DATA FOR THIS EXERCISE START

Lemma UqZ c v k l : Uq_weight_vector v k l -> Uq_weight_vector (c *: v) k l.
Proof.
case=> hv hXp hXm XpXp XmXm comm; split.
- exact: homogeneousZ hv.
- rewrite linearZZ; exact: homogeneousZ hXp.
- rewrite linearZZ; exact: homogeneousZ hXm.
- by rewrite !linearZZ /= XpXp scaler0.
- by rewrite !linearZZ /= XmXm scaler0.
- rewrite [Xp (c *: v)]linearZZ [Xm (c *: v)]linearZZ /=.
  rewrite [Xm (c *: _)]linearZZ [Xp (c *: _)]linearZZ /=.
  by rewrite -scalerBr comm !scalerA mulrC.
Qed.

Lemma XpM_hom u w k l k' l' : homogeneous u k l -> homogeneous w k' l' ->
  Xp (u * w) = fa q k' l' *: (Xp u * w) + fb q k l *: (u * Xp w).
Proof. by move=> hu hw; rewrite XpM (homTa hw) (homTb hu) -scalerAr -scalerAl. Qed.

Lemma XmM_hom u w k l k' l' : homogeneous u k l -> homogeneous w k' l' ->
  Xm (u * w) = fc q k' l' *: (Xm u * w) + fd q k l *: (u * Xm w).
Proof. by move=> hu hw; rewrite XmM (homTc hw) (homTd hu) -scalerAr -scalerAl. Qed.

Section Product.
Variables (u w : A) (k l k' l' : int).
Hypotheses (gu : Uq_weight_vector u k l) (gw : Uq_weight_vector w k' l').

Let hu := Uq_hom gu.
Let hw := Uq_hom gw.

Lemma Uq_homXpM : homogeneous (Xp (u * w)) (k + k' - 2) (l + l' + 2).
Proof.
rewrite (XpM_hom hu hw); apply: homogeneousD; apply: homogeneousZ.
  by rewrite addrAC [l + l' + 2]addrAC; apply: homogeneousM (Uq_homXp gu) hw.
by rewrite -!addrA; apply: homogeneousM hu (Uq_homXp gw).
Qed.

Lemma Uq_homXmM : homogeneous (Xm (u * w)) (k + k' + 2) (l + l' - 2).
Proof.
rewrite (XmM_hom hu hw); apply: homogeneousD; apply: homogeneousZ.
  by rewrite addrAC [l + l' - 2]addrAC; apply: homogeneousM (Uq_homXm gu) hw.
by rewrite -!addrA; apply: homogeneousM hu (Uq_homXm gw).
Qed.

Lemma Uq_XpXpM : Xp (Xp (u * w)) = 0.
Proof.
rewrite (twisted_derivation_comp XpM XpM) (Uq_XpXp gu) (Uq_XpXp gw) mul0r mulr0 !add0r.
rewrite (homTb (Uq_homXp gu)) (homTa hw) (homTb hu) (homTa (Uq_homXp gw)).
rewrite [Xp (_ *: w)]linearZZ [Xp (_ *: u)]linearZZ /=.
rewrite !scalerAlr -scalerDl (fb_morph q_neq0) (fa_morph q_neq0) fb_values fa_values.
by rewrite (_ : _ + _ = 0 :> C) ?scale0r //; ring.
Qed.

Lemma Uq_XmXmM : Xm (Xm (u * w)) = 0.
Proof.
rewrite (twisted_derivation_comp XmM XmM) (Uq_XmXm gu) (Uq_XmXm gw) mul0r mulr0 !add0r.
rewrite (homTd (Uq_homXm gu)) (homTc hw) (homTd hu) (homTc (Uq_homXm gw)).
rewrite [Xm (_ *: w)]linearZZ [Xm (_ *: u)]linearZZ /=.
rewrite !scalerAlr -scalerDl (fd_morph q_neq0) (fc_morph q_neq0) fd_values fc_values.
by rewrite (_ : _ + _ = 0 :> C) ?scale0r //; ring.
Qed.

Lemma Uq_commM : Xm (Xp (u * w)) - Xp (Xm (u * w)) =
  ((fK q (k + k') (l + l') - fKi q (k + k') (l + l')) / (q - q^-1)) *: (u * w).
Proof.
rewrite (twisted_derivation_comp XpM XmM) (twisted_derivation_comp XmM XpM).
have cross1 : Td (Xp u) * Xm (Ta w) = Xp (Td u) * Ta (Xm w).
  rewrite (homTd (Uq_homXp gu)) (homTa hw) (homTd hu) (homTa (Uq_homXm gw)).
  rewrite [Xm (_ *: w)]linearZZ [Xp (_ *: u)]linearZZ /= !scalerAlr.
  by rewrite (fd_morph q_neq0) (fa_morph q_neq0) fd_values fa_values; congr (_ *: _); ring.
have cross2 : Xm (Tb u) * Tc (Xp w) = Tb (Xm u) * Xp (Tc w).
  rewrite (homTb (Uq_homXm gu)) (homTc hw) (homTb hu) (homTc (Uq_homXp gw)).
  rewrite [Xp (_ *: w)]linearZZ [Xm (_ *: u)]linearZZ /= !scalerAlr.
  by rewrite (fb_morph q_neq0) (fc_morph q_neq0) fb_values fc_values; congr (_ *: _); ring.
rewrite cross1 cross2 [Xp (Td u) * _ + _]addrC [X in _ - X]addrC addrKA.
rewrite (homTcTa hw) (homTaTc hw) (homTdTb hu) (homTbTd hu) -!scalerAr -!scalerAl.
rewrite opprD addrACA -!scalerBr.
rewrite -mulrBl -mulrBr (Uq_comm gu) (Uq_comm gw) -scalerAl -scalerAr !scalerA -scalerDl.
congr (_ *: _); rewrite -!(fac q_neq0) -!(fbd q) (fa_morph q_neq0) (fc_morph q_neq0).
by rewrite (fb_morph q_neq0) (fd_morph q_neq0); ring.
Qed.

Lemma UqM : Uq_weight_vector (u * w) (k + k') (l + l').
Proof.
split; [exact: homogeneousM hu hw | exact: Uq_homXpM | exact: Uq_homXmM |
        exact: Uq_XpXpM | exact: Uq_XmXmM | exact: Uq_commM].
Qed.
End Product.

Definition Uq_sum (v : A) : Prop := exists s : seq (A * (int * int)),
  v = \sum_(p <- s) p.1 /\ forall p, p \in s -> Uq_weight_vector p.1 p.2.1 p.2.2.

Lemma Uq_decomposition v : Uq_sum v.
Proof.
have single u k l : Uq_weight_vector u k l -> Uq_sum u.
  by move=> gu; exists [:: (u, (k, l))]; rewrite big_seq1; split=> // p /[!inE] /eqP ->.
apply: (Omega_ind (P := Uq_sum) _ _ _ _ HO) => [| u w | c u | u w | i | i].
- exact/single/Uq1.
- move=> [s1 [-> gs1]] [s2 [-> gs2]]; exists (s1 ++ s2); rewrite big_cat.
  by split=> // p; rewrite mem_cat => /orP[/gs1 | /gs2].
- move=> [s1 [-> gs1]]; exists [seq (c *: p.1, p.2) | p <- s1].
  rewrite big_map scaler_sumr; split=> // _ /mapP[p /gs1 gp ->]; exact: UqZ.
- move=> [s1 [-> gs1]] [s2 [-> gs2]].
  exists [seq (p.1 * r.1, (p.2.1 + r.2.1, p.2.2 + r.2.2)) | p <- s1, r <- s2].
  rewrite big_allpairs_dep mulr_suml; split.
    by apply: eq_bigr => p _; rewrite mulr_sumr.
  by move=> _ /allpairsP[[p r] [/= /gs1 gp /gs2 gr ->]]; apply: UqM.
- exact/single/Uq_x.
- exact/single/Uq_dx.
Qed.

Lemma funop_of_Uq (T : {linear A -> A}) (f : int -> int -> C) :
  (forall v k l, Uq_weight_vector v k l -> T v = f k l *: v) -> funop H1 H2 f T.
Proof.
move=> TE; split=> [|v m1 m2 [H1v H2v]]; first exact: linearP.
have [s [vE gs]] := Uq_decomposition v; rewrite vE in H1v H2v *.
have E1 : \sum_(p <- s) p.1 = \sum_(p <- [seq p <- s | p.2.1%:~R == m1%:~R :> C]) p.1.
  rewrite big_filter; apply: (eigenvector_sum_filter (H := H1)) H1v.
  by move=> p /gs/Uq_hom/homH1.
rewrite E1 in H2v *; set s1 := filter _ s in H2v *.
have gs1 p : p \in s1 -> Uq_weight_vector p.1 p.2.1 p.2.2 /\ p.2.1 = m1.
  by rewrite /s1 mem_filter eqr_int => /andP[/eqP e /gs gp].
rewrite (eigenvector_sum_filter (H := H2) (ev := fun p => p.2.2%:~R) _ H2v); last first.
  by move=> p /gs1[/Uq_hom/homH2].
rewrite linear_sum scaler_sumr big_seq_cond [RHS]big_seq_cond.
apply: eq_bigr => p /andP[/gs1[gp <-] /eqP /intr_inj <-]; exact: TE gp.
Qed.

Lemma eq_on_Uq (F G : {linear A -> A}) :
  (forall v k l, Uq_weight_vector v k l -> F v = G v) -> F =1 G.
Proof.
move=> FG v; have [s [-> gs]] := Uq_decomposition v.
by rewrite !linear_sum big_seq [RHS]big_seq; apply: eq_bigr => p /gs /FG.
Qed.

Lemma covariance : covariant_right_action q x dx H1 H2 Xp Xm.
Proof.
split; first by do !split; exact: linearP.
  move=> v; have [s [vE gs]] := Uq_decomposition v.
  by exists s; split=> // p /gs /Uq_hom [].
(* K1 K2 and its inverse act on weights by fa fc = fK and fb fd = fKi. *)
exists Ta, Tb, Tc, Td, (Ta \o Tc), (Tb \o Td); split.
- split; [|split; [|split; [|split; [|split]]]];
    apply: funop_of_Uq => v k l /Uq_hom hv /=.
  + exact: homTa hv.
  + exact: homTb hv.
  + exact: homTc hv.
  + exact: homTd hv.
  + exact: homTaTc hv.
  + exact: homTbTd hv.
- move=> v; do !split.
  + apply: (eq_on_Uq (F := H2 \o H1) (G := H1 \o H2)) => {}v k l /Uq_hom hv /=.
    by rewrite (homH1 hv) (homH2 hv) !linearZZ /= (homH1 hv) (homH2 hv) !scalerA mulrC.
  + apply: (eq_on_Uq (F := (Xp \o H1) \- (H1 \o Xp)) (G := 2%:R \*: Xp)) => {}v k l gv /=.
    by rewrite (commutator_weight (homH1 (Uq_hom gv)) (homH1 (Uq_homXp gv))) intrN scaleNr opprK.
  + rewrite -scaleNr.
    apply: (eq_on_Uq (F := (Xm \o H1) \- (H1 \o Xm)) (G := (- 2%:R) \*: Xm)) => {}v k l gv /=.
    by rewrite (commutator_weight (homH1 (Uq_hom gv)) (homH1 (Uq_homXm gv))) scaleNr.
  + rewrite -scaleNr.
    apply: (eq_on_Uq (F := (Xp \o H2) \- (H2 \o Xp)) (G := (- 2%:R) \*: Xp)) => {}v k l gv /=.
    by rewrite (commutator_weight (homH2 (Uq_hom gv)) (homH2 (Uq_homXp gv))) scaleNr.
  + apply: (eq_on_Uq (F := (Xm \o H2) \- (H2 \o Xm)) (G := 2%:R \*: Xm)) => {}v k l gv /=.
    by rewrite (commutator_weight (homH2 (Uq_hom gv)) (homH2 (Uq_homXm gv))) intrN scaleNr opprK.
  + apply: (eq_on_Uq (F := (Xm \o Xp) \- (Xp \o Xm))
      (G := (q - q^-1)^-1 \*: ((Ta \o Tc) \- (Tb \o Td)))) => {}v k l gv /=.
    by rewrite (Uq_comm gv) (homTaTc (Uq_hom gv)) (homTbTd (Uq_hom gv)) -scalerBl scalerA mulrC.
  + by apply: (eq_on_Uq (F := Xp \o Xp) (G := \0)) => {}v k l /Uq_XpXp.
  + by apply: (eq_on_Uq (F := Xm \o Xm) (G := \0)) => {}v k l /Uq_XmXm.
- done.
- move=> i; have [[H1x H1dx] [H2x H2dx]] := (H1_gens i, H2_gens i).
  have [[Xpx Xpdx] [Xmx Xmdx]] := (Xp_gens i, Xm_gens i).
  by rewrite H1x H1dx H2x H2dx !scale0r.
Qed.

DATA FOR THIS EXERCISE END

### ASSIGNED TASK
Print again the lines of the entries above that fall between the line holding "rewrite (homTcTa hw)" and the line holding "have single u", inclusive, exactly as they stand.

### SOLUTION FOR THIS EXERCISE
rewrite (homTcTa hw) (homTaTc hw) (homTdTb hu) (homTbTd hu) -!scalerAr -!scalerAl.
rewrite opprD addrACA -!scalerBr.
rewrite -mulrBl -mulrBr (Uq_comm gu) (Uq_comm gw) -scalerAl -scalerAr !scalerA -scalerDl.
congr (_ *: _); rewrite -!(fac q_neq0) -!(fbd q) (fa_morph q_neq0) (fc_morph q_neq0).
by rewrite (fb_morph q_neq0) (fd_morph q_neq0); ring.
Qed.

Lemma UqM : Uq_weight_vector (u * w) (k + k') (l + l').
Proof.
split; [exact: homogeneousM hu hw | exact: Uq_homXpM | exact: Uq_homXmM |
        exact: Uq_XpXpM | exact: Uq_XmXmM | exact: Uq_commM].
Qed.
End Product.

Definition Uq_sum (v : A) : Prop := exists s : seq (A * (int * int)),
  v = \sum_(p <- s) p.1 /\ forall p, p \in s -> Uq_weight_vector p.1 p.2.1 p.2.2.

Lemma Uq_decomposition v : Uq_sum v.
Proof.
have single u k l : Uq_weight_vector u k l -> Uq_sum u.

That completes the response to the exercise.